Thermal infrared (IR) sensors are used for many purposes in noncontact temperature measurement, motion control, gas analysis, fire detection, thermal imaging and many other fields like process control, safety and security as well as the health industry . They absorb the incident IR radiation and transform it into a corresponding temperature increase in the sensor element, which in turn is measured by means of temperature-sensitive transducers, e.g., pyroelectric elements, thermopiles or bolometers.

The thermal resolution of a pyroelectric sensor is directly proportional to the absorption of the sensor element so that it should be as high as possible. Absorption layers should be as thin as possible to keep their heat capacity low, which is required for fast and high-responsive thermal IR sensors .

GLAD is a special deposition process for thin films, which belongs to the PVD (physical vapor deposition) processes. It features deposition under grazing incidence with very high deposition angles α of more than 80 and substrate rotation (Robbie1998).
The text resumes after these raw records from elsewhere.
(* Let $\mathcal{F}:\mathbb{R}^K\to\mathbb{R}^K$ be bijective with $\mathcal{F}$ and $\mathcal{F}^{-1}$ both continuously differentiable. Let $\|\cdot\|$ be an induced matrix norm (with the associated vector norm), and suppose there are constants $\gamma,\zeta,\beta$ such that $\|J(x_1)-J(x_2)\|\le\gamma$, $\|J(x)\|\le\zeta$ and $\|J^{-1}(x)\|\le\beta$ for all $x_1,x_2,x\in\mathbb{R}^K$. Let $y_1,\dots,y_M\in\mathbb{R}^K$ be desired outputs, let $x_1^0,\dots,x_M^0\in\mathbb{R}^K$ be initial inputs, and run Iterative Inversion with affine least-squares regression (as in the context). Suppose that for every iteration $n$: $\|\overline{\mathcal{F}(X^n)}-\mathcal{F}(\overline{X^n})\|\le\lambda$, and $\tilde{J}_n^{-1}=J^{-1}(\overline{X^n})(I+\Delta_n)$ for some matrix $\Delta_n$ with $\|\Delta_n\|\le\delta<1/(\zeta\beta)$. Let $\mu=\frac{\zeta^2\beta\delta}{1-\zeta\beta\delta}$ and assume $\beta(1+\delta)(\gamma+\mu)<1$. Let $\rho=\frac{2\lambda\beta(1+\delta)(\mu+\zeta)}{1-\beta(1+\delta)(\mu+\gamma)}$. Then for every $\epsilon>0$ there exists $k<\infty$ such that $\|\overline{\mathcal{F}(X^k)}-\overline{Y}\|\le\rho+\epsilon$.
   Context: Vectors are row vectors. $J(x)\in\mathbb{R}^{K\times K}$ denotes the Jacobian of $\mathcal{F}$ at $x$ in the row convention, $\mathcal{F}(x+h)=\mathcal{F}(x)+hJ(x)+o(\|h\|)$, and $J^{-1}(x)=[J(x)]^{-1}$ (the Jacobian of $\mathcal{F}^{-1}$ at $\mathcal{F}(x)$). Iterative Inversion (affine least-squares version): with $X^n=(x_1^n,\dots,x_M^n)^T\in\mathbb{R}^{M\times K}$, $\mathcal{F}(X^n)=(\mathcal{F}(x_1^n),\dots,\mathcal{F}(x_M^n))^T$, row means $\overline{X^n}=\frac1M\sum_i x_i^n$, $\overline{\mathcal{F}(X^n)}=\frac1M\sum_i\mathcal{F}(x_i^n)$, $\overline{Y}=\frac1M\sum_i y_i$, and $\mathbf{1}$ the all-ones column vector of length $M$, set $\Theta_{n+1}=(\mathcal{F}(X^n)-\mathbf{1}\overline{\mathcal{F}(X^n)})^{\dagger}(X^n-\mathbf{1}\overline{X^n})$ and $b_{n+1}=\overline{X^n}-\overline{\mathcal{F}(X^n)}\Theta_{n+1}$ (the minimum-norm least-squares fit of $x\approx \mathcal{F}(x)\Theta+b$ on the pairs $(\mathcal{F}(x_i^n),x_i^n)$; $\dagger$ is the Moore–Penrose pseudoinverse), and $x_i^{n+1}=y_i\Theta_{n+1}+b_{n+1}$. Define $\tilde{J}_n^{-1}=\Theta_{n+1}=(\mathcal{F}(X^n)-\mathbf{1}\overline{\mathcal{F}(X^n)})^{\dagger}(X^n-\mathbf{1}\overline{X^n})$. *)

From HB Require Import structures.
From mathcomp Require Import all_boot all_order all_algebra.
From mathcomp Require Import all_classical all_reals all_analysis.
Set Implicit Arguments. Unset Strict Implicit. Unset Printing Implicit Defensive.
Import Order.TTheory GRing.Theory Num.Theory.
Import numFieldNormedType.Exports.
Local Open Scope classical_set_scope.
Local Open Scope ring_scope.

Section Defs.
Variable R : realType.

Definition is_vnorm (K : nat) (N : 'rV[R]_K -> R) : Prop :=
  [/\ forall x y, N (x + y) <= N x + N y,
      forall (a : R) x, N (a *: x) = `|a| * N x
    & forall x, N x = 0 -> x = 0].

Definition opnorm (K : nat) (N : 'rV[R]_K -> R) (A : 'M[R]_K) : R :=
  sup [set N (x *m A) | x in [set x | N x = 1]].

Definition is_MP_pinv (m n : nat) (A : 'M[R]_(m, n)) (P : 'M[R]_(n, m)) : Prop :=
  [/\ A *m P *m A = A, P *m A *m P = P,
      (A *m P)^T = A *m P & (P *m A)^T = P *m A].

Definition pinv (m n : nat) (A : 'M[R]_(m, n)) : 'M[R]_(n, m) :=
  xget 0 [set P | is_MP_pinv A P].

Definition rowmean (M K : nat) (X : 'M[R]_(M, K)) : 'rV[R]_K :=
  (M%:R)^-1 *: \sum_(i < M) row i X.

Definition center (M K : nat) (X : 'M[R]_(M, K)) : 'M[R]_(M, K) :=
  \matrix_(i < M) (row i X - rowmean X).

Definition Fmx (M K : nat) (F : 'rV[R]_K -> 'rV[R]_K) (X : 'M[R]_(M, K)) : 'M[R]_(M, K) :=
  \matrix_(i < M) F (row i X).

(* Theta_{n+1} computed from X^n *)
Definition IItheta (M K : nat) (F : 'rV[R]_K -> 'rV[R]_K) (X : 'M[R]_(M, K)) : 'M[R]_K :=
  pinv (center (Fmx F X)) *m center X.

(* b_{n+1} computed from X^n *)
Definition IIb (M K : nat) (F : 'rV[R]_K -> 'rV[R]_K) (X : 'M[R]_(M, K)) : 'rV[R]_K :=
  rowmean X - rowmean (Fmx F X) *m IItheta F X.

Definition IIstep (M K : nat) (F : 'rV[R]_K -> 'rV[R]_K) (Y : 'M[R]_(M, K))
  (X : 'M[R]_(M, K)) : 'M[R]_(M, K) :=
  \matrix_(i < M) (row i Y *m IItheta F X + IIb F X).

Fixpoint IIiter (M K : nat) (F : 'rV[R]_K -> 'rV[R]_K) (Y X0 : 'M[R]_(M, K)) (n : nat)
  : 'M[R]_(M, K) :=
  match n with
  | 0 => X0
  | n'.+1 => IIstep F Y (IIiter F Y X0 n')
  end.

End Defs.

(* Write e_n for the mean output error rowmean (F X^n) - rowmean Y and J for the Jacobian at
   the mean input x. One step moves x by h = - e_n J^-1 (I + Delta_n); as J^-1 J = I,
     e_{n+1} = (gap at X^{n+1}) - (gap at X^n) + (F (x + h) - F x - h J) - e_n J^-1 Delta_n J,
   where each gap N (mean F - F mean) is at most lambda, and the linearisation error is at most
   gamma N h by the mean value inequality, the Jacobians differing by at most gamma. Hence
   N e_{n+1} <= q N e_n + 2 lambda with q = gamma beta (1 + delta) + zeta beta delta, so N e_n
   eventually comes within eps of 2 lambda / (1 - q). Finally zeta beta >= 1 gives
   zeta delta <= mu, so q <= beta (1 + delta) (gamma + mu) < 1 and 2 lambda / (1 - q) <= rho. *)

From HB Require Import structures.
From mathcomp Require Import all_boot all_order all_algebra.
From mathcomp Require Import all_classical all_reals all_analysis.
From mathcomp Require Import lra ring.
Import Order.TTheory GRing.Theory Num.Theory.
Import numFieldNormedType.Exports.
Local Open Scope classical_set_scope.
Local Open Scope ring_scope.
Set Implicit Arguments. Unset Strict Implicit.

Section VectorNorm.
Variables (R : realType) (K : nat) (N : 'rV[R]_K -> R).
Hypothesis hN : is_vnorm N.

Lemma ler_vnormD x y : N (x + y) <= N x + N y.
Proof. by case: hN. Qed.

Lemma vnormZ a x : N (a *: x) = `|a| * N x.
Proof. by case: hN. Qed.

Lemma vnorm0 : N 0 = 0.
Proof. by rewrite -(scale0r 0) vnormZ normr0 mul0r. Qed.

Lemma vnormN x : N (- x) = N x.
Proof. by rewrite -scaleN1r vnormZ normrN normr1 mul1r. Qed.

Lemma vnorm_ge0 x : 0 <= N x.
Proof. by have := ler_vnormD x (- x); rewrite subrr vnorm0 vnormN; lra. Qed.
Lemma closure_Sset_scaled y : closure (Sset theta eps a b d) y ->
  closure (Z_plus_segment (lamstar theta a b) eps) (y * IZR d).
Proof.
  intros Hcl r Hr. pose proof IZR_d_neq0 as HD.
  assert (HDa : 0 < Rabs (IZR d)) by (now apply Rabs_pos_lt).
  destruct (Hcl (r / Rabs (IZR d))) as (z & Sz & Hz); [now apply Rdiv_lt_0_compat|].
  destruct (Sset_scaled z Sz) as (l & t & Ht & Ez).
  exists (z * IZR d). split; [exists l, t; split; [lra | exact Ez]|].
  replace (z * IZR d - y * IZR d) with ((z - y) * IZR d) by ring.
  rewrite Rabs_mult.
  replace r with (r / Rabs (IZR d) * Rabs (IZR d)) by (field; lra).
  now apply Rmult_lt_compat_r.
Qed.

End Window.

Lemma eq_div_of_mul_eq (y u D : R) : D <> 0 -> y * D = u -> y = u / D.
Proof. intros HD <-. field. exact HD. Qed.

Theorem theorem2 (theta eps : R) (a b d : Z) :
  tan_irrational theta -> 0 < eps ->
  d <> 0%Z -> (a, b) <> (0%Z, 0%Z) -> Z.gcd (Z.gcd a b) d = 1%Z ->
  (1 / Rabs (lamstar theta a b) <= eps -> dense_in_R (Sset theta eps a b d)) /\
  (eps < 1 / Rabs (lamstar theta a b) ->
     forall y : R, closure (Sset theta eps a b d) y <->
       exists (t : R) (l : Z), 0 <= t <= eps /\
         y = (IZR l + t * lamstar theta a b) / IZR d).
Proof.
  intros Htan Heps Hd Hab Hg.
  pose proof (lamstar_neq0 theta a b Htan Hab) as HL.
  pose proof (IZR_d_neq0 d Hd) as HD.
  assert (HLa : 0 < Rabs (lamstar theta a b)) by now apply Rabs_pos_lt.
  split.
  - intros Hbig y e He.
    destruct (Z_plus_segment_cover (lamstar theta a b) eps (y * IZR d) HL)
      as (l & t & Ht & Ey).
    { replace 1 with (1 / Rabs (lamstar theta a b) * Rabs (lamstar theta a b))
        by (field; lra). nra. }
    rewrite (eq_div_of_mul_eq _ _ _ HD Ey).
    exact (Sset_approx theta eps a b d Htan Hd Hg l t e Heps Ht He).
  (* The description of the closure holds for every eps > 0; for
     eps >= 1 / |lambda*| it is all of R. *)
  - intros _ y. split.
    + intros Hcl.
      destruct (Z_plus_segment_closed _ _ _ HL (closure_Sset_scaled theta eps a b d Hd y Hcl))
        as (l & t & Ht & Ey).
      exists t, l. split; [exact Ht|]. exact (eq_div_of_mul_eq _ _ _ HD Ey).
    + intros (t & l & Ht & ->) e He.
      exact (Sset_approx theta eps a b d Htan Hd Hg l t e Heps Ht He).
Qed.
(* Let $F$ be a minimally unsatisfiable clause-set. 1. If $v$ is a singular variable for $F$ which occurs (positively or negatively) in every clause of $F$, then $\{v\}\in F$ or $\{\overline{v}\}\in F$. 2. If $\{x\}\in F$ for some literal $x$, then $v:=\mathrm{var}(x)$ is singular for $F$, with $\mathrm{ldeg}_F(x)=1$. If moreover $F$ is saturated, then $v$ occurs in every clause of $F$.
   Context: Literals are variables $v$ and complements $\overline{v}$; a clause is a finite set of literals with no complementary pair; a clause-set is a finite set of clauses; $\mathrm{var}(F)$ is the set of variables of $F$ and $\mathrm{var}(x)$ the variable underlying literal $x$; $\mathrm{ldeg}_F(x)$ is the number of clauses of $F$ containing literal $x$. A minimally unsatisfiable $F$ is saturated if for every $C \in F$ and every literal $y$ with $\mathrm{var}(y) \in \mathrm{var}(F)\setminus \mathrm{var}(C)$, the clause-set $(F\setminus\{C\})\cup\{C\cup\{y\}\}$ is satisfiable. A variable $v$ is singular for $F$ if $\min(\mathrm{ldeg}_F(v),\mathrm{ldeg}_F(\overline{v}))=1$. *)

From mathcomp Require Import all_boot finmap.
Set Implicit Arguments. Unset Strict Implicit. Unset Printing Implicit Defensive.
Local Open Scope fset_scope.

Definition lit := (nat * bool)%type.
Definition pos (v : nat) : lit := (v, true).
Definition neg (v : nat) : lit := (v, false).
Definition lvar (x : lit) : nat := x.1.
Definition compl (x : lit) : lit := (x.1, ~~ x.2).

Definition clause := {fset lit}.
Definition clauseset := {fset clause}.

Definition is_clause (C : clause) : Prop := forall x, x \in C -> compl x \notin C.
Definition is_clauseset (F : clauseset) : Prop := forall C, C \in F -> is_clause C.

Definition varC (C : clause) : {fset nat} := [fset lvar x | x in C].
Definition varF (F : clauseset) : {fset nat} := \bigcup_(C <- F) varC C.

Definition ldeg (F : clauseset) (x : lit) : nat := #|` [fset C in F | x \in C] |.

Definition sat_lit (f : nat -> bool) (x : lit) : bool := f x.1 == x.2.
Definition sat_clause (f : nat -> bool) (C : clause) : Prop :=
  exists2 x, x \in C & sat_lit f x.
Definition satisfiable (F : clauseset) : Prop :=
  exists f : nat -> bool, forall C, C \in F -> sat_clause f C.

Definition minimally_unsat (F : clauseset) : Prop :=
  ~ satisfiable F /\ forall C, C \in F -> satisfiable (F `\ C).

Definition saturated (F : clauseset) : Prop :=
  minimally_unsat F /\
  forall C y, C \in F -> lvar y \in varF F -> lvar y \notin varC C ->
    satisfiable ((F `\ C) `|` [fset C `|` [fset y]]).

Definition singular (F : clauseset) (v : nat) : Prop :=
  minn (ldeg F (pos v)) (ldeg F (neg v)) = 1.

From mathcomp Require Import all_boot finmap.
Set Implicit Arguments. Unset Strict Implicit. Unset Printing Implicit Defensive.
Local Open Scope fset_scope.

(* A unit clause {x} of a minimally unsatisfiable F forces x: any other clause
   containing x would be redundant, so ldeg F x = 1, and without a clause
   containing the complement the assignment could be repaired at var x.  For
   the converse, if x occurs only in C0 and var x occurs everywhere, a second
   literal y of C0 gives a satisfying assignment (x false, y true).  Under
   saturation, a clause C avoiding var x could be extended by the complement
   of x without becoming satisfiable, since {x} already falsifies it. *)

Lemma lit_cases (x y : lit) : lvar y = lvar x -> y = x \/ y = compl x.
Proof.
by case: x y => [v b] [w c]; rewrite /lvar /compl /= => ->; case: b c => [] []; auto.
Qed.

Lemma lvar_compl (x : lit) : lvar (compl x) = lvar x.
Proof. by []. Qed.

Lemma mem_varC (C : clause) (x : lit) :
  (lvar x \in varC C) = (x \in C) || (compl x \in C).
Proof.
apply/imfsetP/orP => [[y /= Hy /esym /lit_cases [] <-]|[Hx|Hx]]; auto.
- by exists x.
- by exists (compl x).
Qed.

Lemma sat_lit_compl (f : nat -> bool) (x : lit) :
  sat_lit f (compl x) = ~~ sat_lit f x.
Proof. by rewrite /sat_lit /compl /=; case: (f x.1); case: x.2. Qed.

Lemma sat_clause1 (f : nat -> bool) (x : lit) :
  sat_clause f [fset x] <-> sat_lit f x.
Proof.
split => [[y /fset1P -> //]|Hx]; by exists x; rewrite ?fset11.
Qed.

Definition set_lit (f : nat -> bool) (x : lit) : nat -> bool :=
  fun w => if w == lvar x then x.2 else f w.

Lemma sat_set_lit (f : nat -> bool) (x : lit) : sat_lit (set_lit f x) x.
Proof. by rewrite /sat_lit /set_lit eqxx. Qed.

Lemma sat_set_lit_other (f : nat -> bool) (x y : lit) :
  lvar y != lvar x -> sat_lit (set_lit f x) y = sat_lit f y.
Proof. by rewrite /sat_lit /set_lit => /negbTE ->. Qed.

Lemma sat_fsetD1 (F : clauseset) (C : clause) (f : nat -> bool) :
  (forall D, D \in F `\ C -> sat_clause f D) -> sat_clause f C ->
  forall D, D \in F -> sat_clause f D.
Proof.
move=> HFC HC D HD; case: (eqVneq D C) => [-> //|HDC].
by apply: HFC; rewrite in_fsetD1 HDC.
Qed.

Section LiteralDegree.

Variables (F : clauseset) (x : lit).

Lemma ldeg_eq1 (C0 : clause) : C0 \in F -> x \in C0 ->
  (forall C, C \in F -> x \in C -> C = C0) -> ldeg F x = 1.
Proof.
move=> HC0 Hx Huniq; rewrite /ldeg (_ : [fset C in F | x \in C] = [fset C0]).
  by rewrite cardfs1.
apply/fsetP => C; rewrite !inE /=; apply/andP/eqP => [[]|->//]; exact: Huniq.
Qed.

Lemma ldeg_eq1P : ldeg F x = 1 ->
  exists C0, [/\ C0 \in F, x \in C0 & forall C, C \in F -> x \in C -> C = C0].
Proof.
move=> /eqP/cardfs1P [C0 Hset].
have memS C : (C \in F) && (x \in C) = (C == C0).
  by rewrite -in_fset1 -Hset !inE.
have /andP [HC0 Hx] : (C0 \in F) && (x \in C0) by rewrite memS.
by exists C0; split=> // C HC HxC; apply/eqP; rewrite -memS HC.
Qed.

Lemma ldeg_eq0 : ldeg F x = 0 -> forall C, C \in F -> x \notin C.
Proof.
move=> /eqP; rewrite cardfs_eq0 => /eqP H0 C HC; apply/negP => HxC.
by have := in_fset0 C; rewrite -H0 !inE /= HC HxC.
Qed.

End LiteralDegree.

Lemma singular_ldeg (F : clauseset) (v : nat) :
  singular F v -> exists x, lvar x = v /\ ldeg F x = 1.
Proof.
rewrite /singular; by case: leqP => _ H; [exists (pos v) | exists (neg v)].
Qed.

Lemma singular_lvar (F : clauseset) (x : lit) :
  ldeg F x = 1 -> 0 < ldeg F (compl x) -> singular F (lvar x).
Proof.
case: x => v [] Hx Hc; rewrite /compl /= in Hc;
  by rewrite /singular /pos /neg /= Hx ?[minn _ 1]minnC (minn_idPl Hc).
Qed.

Lemma unit_of_ldeg1 (F : clauseset) (x : lit) :
  is_clauseset F -> ~ satisfiable F -> ldeg F x = 1 ->
  (forall C, C \in F -> lvar x \in varC C) -> [fset x] \in F.
Proof.
move=> HF HU /ldeg_eq1P [C0 [HC0 Hx Huniq]] Hall.
suff -> : [fset x] = C0 by [].
apply/fsetP => y; rewrite in_fset1; apply/eqP/idP => [-> //|Hy].
apply/eqP/negP => Hyx; apply: HU.
have Hvy : lvar y != lvar x.
  apply/eqP => /lit_cases [Hyx'|Hyc]; first by rewrite Hyx' eqxx in Hyx.
  by move: (HF _ HC0 _ Hx); rewrite -Hyc Hy.
set f := set_lit (set_lit xpredT (compl x)) y.
have Hfc : sat_lit f (compl x).
  by rewrite /f sat_set_lit_other ?lvar_compl 1?eq_sym // sat_set_lit.
exists f => C HC; case: (boolP (x \in C)) => HxC.
  by rewrite (Huniq C HC HxC); exists y => //; apply: sat_set_lit.
by move: (Hall C HC); rewrite mem_varC (negbTE HxC) => HcC; exists (compl x).
Qed.

Section UnitClause.

Variables (F : clauseset) (x : lit).
Hypothesis (HMU : minimally_unsat F) (Hx : [fset x] \in F).

Lemma ldeg_unit : ldeg F x = 1.
Proof.
apply: (ldeg_eq1 Hx (fset11 x)) => C HC HxC; apply/eqP/negPn/negP => HCx.
case: HMU => HU /(_ C HC) [f Hf]; apply: HU; exists f.
have /sat_clause1 Hfx : sat_clause f [fset x].
  by apply: Hf; rewrite in_fsetD1 eq_sym HCx.
by apply: (sat_fsetD1 Hf); exists x.
Qed.

Lemma ldeg_compl_unit_gt0 : 0 < ldeg F (compl x).
Proof.
rewrite lt0n; apply/eqP => /ldeg_eq0 Hnc.
case: HMU => HU /(_ _ Hx) [f Hf]; apply: HU; exists (set_lit f x).
apply: (sat_fsetD1 _ (proj2 (sat_clause1 _ _) (sat_set_lit f x))) => D HD.
have [y Hy Hfy] := Hf D HD; exists y => //.
have HDF : D \in F by move: HD; rewrite in_fsetD1 => /andP [].
case: (eqVneq (lvar y) (lvar x)) => [/lit_cases [->|Hyc]|Hyx].
- exact: sat_set_lit.
- by move: (Hnc D HDF); rewrite -Hyc Hy.
- by rewrite sat_set_lit_other.
Qed.

End UnitClause.

Lemma saturated_unit_lvar (F : clauseset) (x : lit) :
  saturated F -> [fset x] \in F -> forall C, C \in F -> lvar x \in varC C.
Proof.
move=> [[HU _] Hsat] Hx C HC; apply/negPn/negP => HnC.
have Hv : lvar x \in varF F.
  by apply/bigfcupP; exists [fset x]; rewrite ?Hx // mem_varC fset11.
have HCx : C != [fset x].
  by apply: contraNneq HnC => ->; rewrite mem_varC fset11.
have [f Hf] := Hsat C (compl x) HC Hv HnC; apply: HU; exists f.
have HfD D : D \in F `\ C -> sat_clause f D.
  by move=> HD; apply: Hf; rewrite in_fsetU HD.
apply: (sat_fsetD1 HfD).
have /sat_clause1 Hfx : sat_clause f [fset x].
  by apply: HfD; rewrite in_fsetD1 eq_sym HCx.
have [y] : sat_clause f (C `|` [fset compl x]).
  by apply: Hf; rewrite in_fsetU fset11 orbT.
rewrite in_fsetU in_fset1 => /orP [Hy Hfy|/eqP ->]; first by exists y.
by rewrite sat_lit_compl Hfx.
Qed.

Theorem lemma14 (F : clauseset) (HF : is_clauseset F) (HMU : minimally_unsat F) :
  (forall v : nat, singular F v ->
     (forall C, C \in F -> v \in varC C) ->
     [fset pos v] \in F \/ [fset neg v] \in F)
  /\
  (forall x : lit, [fset x] \in F ->
     singular F (lvar x) /\ ldeg F x = 1 /\
     (saturated F -> forall C, C \in F -> lvar x \in varC C)).
Proof.
split.
- move=> v /singular_ldeg [[w b] [<- Hx1]] Hall.
  by case: b Hx1 Hall => Hx1 Hall; [left | right]; apply: unit_of_ldeg1 HF (proj1 HMU) Hx1 Hall.
- move=> x Hx; have Hx1 := ldeg_unit HMU Hx.
  split; first exact: singular_lvar Hx1 (ldeg_compl_unit_gt0 HMU Hx).
  by split=> // Hsat; apply: saturated_unit_lvar.
Qed.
By rotating and tilting the substrate around the deposition angle, porous thin films can be deposited whose structure can be influenced in the nanometer range .

In this paper we investigate the influence of the deposition angle, deposition rate and continuous substrate rotation speed on the morphology of thin films, in particular tantalum films. Tantalum is used because it has a volume-specific heat capacity that is 1.5 times lower than that of the often-used nichrome (NiCr). The study focuses on the shape of the deposited tantalum structures, which depends on the ratio of the deposition rate and substrate rotation speed; this is known as growth pitch. Another important parameter of our study is the porosity across the layer thickness, which strongly depends on both the deposition angle and the growth pitch.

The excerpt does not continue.